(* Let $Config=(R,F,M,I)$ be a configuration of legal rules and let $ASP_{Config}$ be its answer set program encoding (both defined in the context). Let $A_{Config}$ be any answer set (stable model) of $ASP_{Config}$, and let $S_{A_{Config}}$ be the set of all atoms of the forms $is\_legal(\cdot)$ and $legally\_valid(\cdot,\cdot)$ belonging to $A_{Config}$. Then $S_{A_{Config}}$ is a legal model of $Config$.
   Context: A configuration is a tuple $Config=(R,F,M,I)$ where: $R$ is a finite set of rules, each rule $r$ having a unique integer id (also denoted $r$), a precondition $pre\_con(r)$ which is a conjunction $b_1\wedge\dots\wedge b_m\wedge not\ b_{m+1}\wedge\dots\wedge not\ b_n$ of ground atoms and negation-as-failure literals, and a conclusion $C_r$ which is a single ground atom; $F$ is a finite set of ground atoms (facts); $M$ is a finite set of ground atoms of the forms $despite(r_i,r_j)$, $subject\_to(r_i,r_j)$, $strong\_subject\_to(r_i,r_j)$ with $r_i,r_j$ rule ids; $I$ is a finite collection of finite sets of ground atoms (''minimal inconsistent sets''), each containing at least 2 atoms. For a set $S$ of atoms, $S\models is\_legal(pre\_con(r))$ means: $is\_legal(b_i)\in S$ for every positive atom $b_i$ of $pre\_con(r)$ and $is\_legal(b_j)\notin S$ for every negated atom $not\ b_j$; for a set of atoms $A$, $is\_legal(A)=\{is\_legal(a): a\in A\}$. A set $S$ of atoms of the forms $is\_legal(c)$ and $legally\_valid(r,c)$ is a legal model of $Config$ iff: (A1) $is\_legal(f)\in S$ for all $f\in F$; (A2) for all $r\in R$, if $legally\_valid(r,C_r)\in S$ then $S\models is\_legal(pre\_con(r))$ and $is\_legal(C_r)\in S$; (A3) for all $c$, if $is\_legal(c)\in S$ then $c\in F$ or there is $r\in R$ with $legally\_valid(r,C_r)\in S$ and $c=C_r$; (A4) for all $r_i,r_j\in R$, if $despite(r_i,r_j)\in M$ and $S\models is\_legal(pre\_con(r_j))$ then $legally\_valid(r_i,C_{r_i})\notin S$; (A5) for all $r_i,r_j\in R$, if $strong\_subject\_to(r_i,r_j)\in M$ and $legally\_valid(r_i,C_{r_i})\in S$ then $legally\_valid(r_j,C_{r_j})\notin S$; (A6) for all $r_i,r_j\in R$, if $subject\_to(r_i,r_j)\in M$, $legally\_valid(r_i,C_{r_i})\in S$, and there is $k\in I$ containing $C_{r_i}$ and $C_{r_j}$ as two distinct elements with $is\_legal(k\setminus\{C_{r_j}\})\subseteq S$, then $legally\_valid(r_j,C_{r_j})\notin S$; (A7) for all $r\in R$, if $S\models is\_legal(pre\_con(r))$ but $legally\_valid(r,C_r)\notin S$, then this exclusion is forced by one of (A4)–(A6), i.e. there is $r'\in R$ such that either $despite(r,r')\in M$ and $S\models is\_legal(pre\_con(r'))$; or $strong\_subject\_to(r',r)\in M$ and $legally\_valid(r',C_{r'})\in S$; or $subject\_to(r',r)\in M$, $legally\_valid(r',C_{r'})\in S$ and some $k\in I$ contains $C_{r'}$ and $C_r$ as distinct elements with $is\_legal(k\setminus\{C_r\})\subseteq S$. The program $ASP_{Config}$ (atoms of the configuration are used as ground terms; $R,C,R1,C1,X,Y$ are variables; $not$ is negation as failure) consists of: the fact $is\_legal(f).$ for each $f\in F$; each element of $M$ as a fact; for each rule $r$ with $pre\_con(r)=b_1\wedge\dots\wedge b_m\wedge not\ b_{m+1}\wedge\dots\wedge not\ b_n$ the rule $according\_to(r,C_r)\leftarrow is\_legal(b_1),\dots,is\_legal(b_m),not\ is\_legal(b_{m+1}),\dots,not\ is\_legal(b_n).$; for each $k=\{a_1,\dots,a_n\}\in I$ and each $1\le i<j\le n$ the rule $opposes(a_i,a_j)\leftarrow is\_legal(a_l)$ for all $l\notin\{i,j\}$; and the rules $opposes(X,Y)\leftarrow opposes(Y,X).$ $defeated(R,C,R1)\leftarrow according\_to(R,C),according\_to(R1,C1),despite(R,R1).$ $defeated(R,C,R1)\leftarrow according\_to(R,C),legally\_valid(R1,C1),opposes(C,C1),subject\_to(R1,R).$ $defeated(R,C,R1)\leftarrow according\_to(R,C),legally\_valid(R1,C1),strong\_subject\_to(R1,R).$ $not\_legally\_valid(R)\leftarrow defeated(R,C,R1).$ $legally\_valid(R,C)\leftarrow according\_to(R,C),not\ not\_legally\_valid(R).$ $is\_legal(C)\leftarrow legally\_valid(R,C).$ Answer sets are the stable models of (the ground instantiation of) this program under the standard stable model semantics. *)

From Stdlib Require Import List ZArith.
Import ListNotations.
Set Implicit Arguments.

========================================================================

## [TASK PROMPT]
Set down the records once more, character for character.

## [TASK OUTPUT]
(* Let $Config=(R,F,M,I)$ be a configuration of legal rules and let $ASP_{Config}$ be its answer set program encoding (both defined in the context). Let $A_{Config}$ be any answer set (stable model) of $ASP_{Config}$, and let $S_{A_{Config}}$ be the set of all atoms of the forms $is\_legal(\cdot)$ and $legally\_valid(\cdot,\cdot)$ belonging to $A_{Config}$. Then $S_{A_{Config}}$ is a legal model of $Config$.
   Context: A configuration is a tuple $Config=(R,F,M,I)$ where: $R$ is a finite set of rules, each rule $r$ having a unique integer id (also denoted $r$), a precondition $pre\_con(r)$ which is a conjunction $b_1\wedge\dots\wedge b_m\wedge not\ b_{m+1}\wedge\dots\wedge not\ b_n$ of ground atoms and negation-as-failure literals, and a conclusion $C_r$ which is a single ground atom; $F$ is a finite set of ground atoms (facts); $M$ is a finite set of ground atoms of the forms $despite(r_i,r_j)$, $subject\_to(r_i,r_j)$, $strong\_subject\_to(r_i,r_j)$ with $r_i,r_j$ rule ids; $I$ is a finite collection of finite sets of ground atoms (''minimal inconsistent sets''), each containing at least 2 atoms. For a set $S$ of atoms, $S\models is\_legal(pre\_con(r))$ means: $is\_legal(b_i)\in S$ for every positive atom $b_i$ of $pre\_con(r)$ and $is\_legal(b_j)\notin S$ for every negated atom $not\ b_j$; for a set of atoms $A$, $is\_legal(A)=\{is\_legal(a): a\in A\}$. A set $S$ of atoms of the forms $is\_legal(c)$ and $legally\_valid(r,c)$ is a legal model of $Config$ iff: (A1) $is\_legal(f)\in S$ for all $f\in F$; (A2) for all $r\in R$, if $legally\_valid(r,C_r)\in S$ then $S\models is\_legal(pre\_con(r))$ and $is\_legal(C_r)\in S$; (A3) for all $c$, if $is\_legal(c)\in S$ then $c\in F$ or there is $r\in R$ with $legally\_valid(r,C_r)\in S$ and $c=C_r$; (A4) for all $r_i,r_j\in R$, if $despite(r_i,r_j)\in M$ and $S\models is\_legal(pre\_con(r_j))$ then $legally\_valid(r_i,C_{r_i})\notin S$; (A5) for all $r_i,r_j\in R$, if $strong\_subject\_to(r_i,r_j)\in M$ and $legally\_valid(r_i,C_{r_i})\in S$ then $legally\_valid(r_j,C_{r_j})\notin S$; (A6) for all $r_i,r_j\in R$, if $subject\_to(r_i,r_j)\in M$, $legally\_valid(r_i,C_{r_i})\in S$, and there is $k\in I$ containing $C_{r_i}$ and $C_{r_j}$ as two distinct elements with $is\_legal(k\setminus\{C_{r_j}\})\subseteq S$, then $legally\_valid(r_j,C_{r_j})\notin S$; (A7) for all $r\in R$, if $S\models is\_legal(pre\_con(r))$ but $legally\_valid(r,C_r)\notin S$, then this exclusion is forced by one of (A4)–(A6), i.e. there is $r'\in R$ such that either $despite(r,r')\in M$ and $S\models is\_legal(pre\_con(r'))$; or $strong\_subject\_to(r',r)\in M$ and $legally\_valid(r',C_{r'})\in S$; or $subject\_to(r',r)\in M$, $legally\_valid(r',C_{r'})\in S$ and some $k\in I$ contains $C_{r'}$ and $C_r$ as distinct elements with $is\_legal(k\setminus\{C_r\})\subseteq S$. The program $ASP_{Config}$ (atoms of the configuration are used as ground terms; $R,C,R1,C1,X,Y$ are variables; $not$ is negation as failure) consists of: the fact $is\_legal(f).$ for each $f\in F$; each element of $M$ as a fact; for each rule $r$ with $pre\_con(r)=b_1\wedge\dots\wedge b_m\wedge not\ b_{m+1}\wedge\dots\wedge not\ b_n$ the rule $according\_to(r,C_r)\leftarrow is\_legal(b_1),\dots,is\_legal(b_m),not\ is\_legal(b_{m+1}),\dots,not\ is\_legal(b_n).$; for each $k=\{a_1,\dots,a_n\}\in I$ and each $1\le i<j\le n$ the rule $opposes(a_i,a_j)\leftarrow is\_legal(a_l)$ for all $l\notin\{i,j\}$; and the rules $opposes(X,Y)\leftarrow opposes(Y,X).$ $defeated(R,C,R1)\leftarrow according\_to(R,C),according\_to(R1,C1),despite(R,R1).$ $defeated(R,C,R1)\leftarrow according\_to(R,C),legally\_valid(R1,C1),opposes(C,C1),subject\_to(R1,R).$ $defeated(R,C,R1)\leftarrow according\_to(R,C),legally\_valid(R1,C1),strong\_subject\_to(R1,R).$ $not\_legally\_valid(R)\leftarrow defeated(R,C,R1).$ $legally\_valid(R,C)\leftarrow according\_to(R,C),not\ not\_legally\_valid(R).$ $is\_legal(C)\leftarrow legally\_valid(R,C).$ Answer sets are the stable models of (the ground instantiation of) this program under the standard stable model semantics. *)

From Stdlib Require Import List ZArith.
Import ListNotations.
Set Implicit Arguments.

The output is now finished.